(* Let $v\ge 2$, $n\ge 1$ and $\epsilon>0$, and let $(\mathcal{X},\mathcal{Y},\mathcal{I})$ be a $(v,b,r,k,\lambda)$-block design with $\mathcal{X}=\{1,\dots,v\}$. Let $Q$ be the associated block design mechanism, $Q(y|x)=\alpha e^\epsilon$ if $(x,y)\in\mathcal{I}$ and $Q(y|x)=\alpha$ otherwise, where $\alpha=\frac{1}{re^\epsilon+b-r}$. Let $X_1,\dots,X_n$ be i.i.d. with distribution $P\in\Delta_v$ and, independently for each $i$, $Y_i\sim Q(\cdot|X_i)$. Define, for $x\in\mathcal{X}$, $$\hat{P}_{n,x}(Y_1,\dots,Y_n)=\frac{1}{(r-\lambda)(e^\epsilon-1)}\left(\frac{N_x(Y_1,\dots,Y_n)}{n\alpha}-(\lambda e^\epsilon+(r-\lambda))\right),\qquad N_x(Y_1,\dots,Y_n)=\sum_{i=1}^n \mathbb{1}(Y_i\in\mathcal{I}_x).$$ Then $\hat{P}_n=(\hat P_{n,1},\dots,\hat P_{n,v})$ is unbiased, i.e. $\mathbb{E}_{P,Q}[\hat P_n]=P$ for all $P\in\Delta_v$; its risk under the squared loss $\ell_2^2(p,\hat p)=\sum_{x=1}^v (p_x-\hat p_x)^2$ is $$R_{v,n}(\ell_2^2,P,Q,\hat P_n)=\frac{1}{n}\left(\frac{(v-1)^2(ke^\epsilon+v-k)^2}{k(v-k)(e^\epsilon-1)^2v}+\frac{1}{v}-\sum_{x\in\mathcal{X}}P_x^2\right),$$ and its worst-case risk is $$\sup_{P\in\Delta_v}R_{v,n}(\ell_2^2,P,Q,\hat P_n)=\frac{(v-1)^2(ke^\epsilon+v-k)^2}{k(v-k)(e^\epsilon-1)^2nv},$$ the supremum being attained when $P$ is the uniform distribution.
   Context: $\Delta_v$ is the set of probability vectors on $\{1,\dots,v\}$. An incidence structure is a triple $(\mathcal{X},\mathcal{Y},\mathcal{I})$ with $\mathcal{I}\subset\mathcal{X}\times\mathcal{Y}$; write $\mathcal{I}_x=\{y:(x,y)\in\mathcal{I}\}$ and $\mathcal{I}^y=\{x:(x,y)\in\mathcal{I}\}$. For integers $v>k>0$, $b>r>\lambda\ge0$, a $(v,b,r,k,\lambda)$-block design is an incidence structure with $|\mathcal{X}|=v$, $|\mathcal{Y}|=b$, $|\mathcal{I}_x|=r$ for all $x$, $|\mathcal{I}^y|=k$ for all $y$, and $|\mathcal{I}_x\cap\mathcal{I}_{x'}|=\lambda$ for all $x\ne x'$. The risk is $R_{v,n}(\ell,P,Q,\hat P_n)=\mathbb{E}[\ell(P,\hat P_n(Y_1,\dots,Y_n))]$ with expectation over $X_i\sim P$ i.i.d. and $Y_i\sim Q(\cdot|X_i)$. *)

From HB Require Import structures.
From mathcomp Require Import all_boot all_order all_algebra.
From mathcomp Require Import reals.
From mathcomp.analysis Require Import sequences exp.
Set Implicit Arguments. Unset Strict Implicit. Unset Printing Implicit Defensive.
Import Order.TTheory GRing.Theory Num.Theory.
Local Open Scope ring_scope.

===============

▶ To do
For the lines from the one containing "Set Implicit Arguments." through the end of the listing above, output each exactly and leave out the rest.

▶ Reply
Set Implicit Arguments. Unset Strict Implicit. Unset Printing Implicit Defensive.
Import Order.TTheory GRing.Theory Num.Theory.
Local Open Scope ring_scope.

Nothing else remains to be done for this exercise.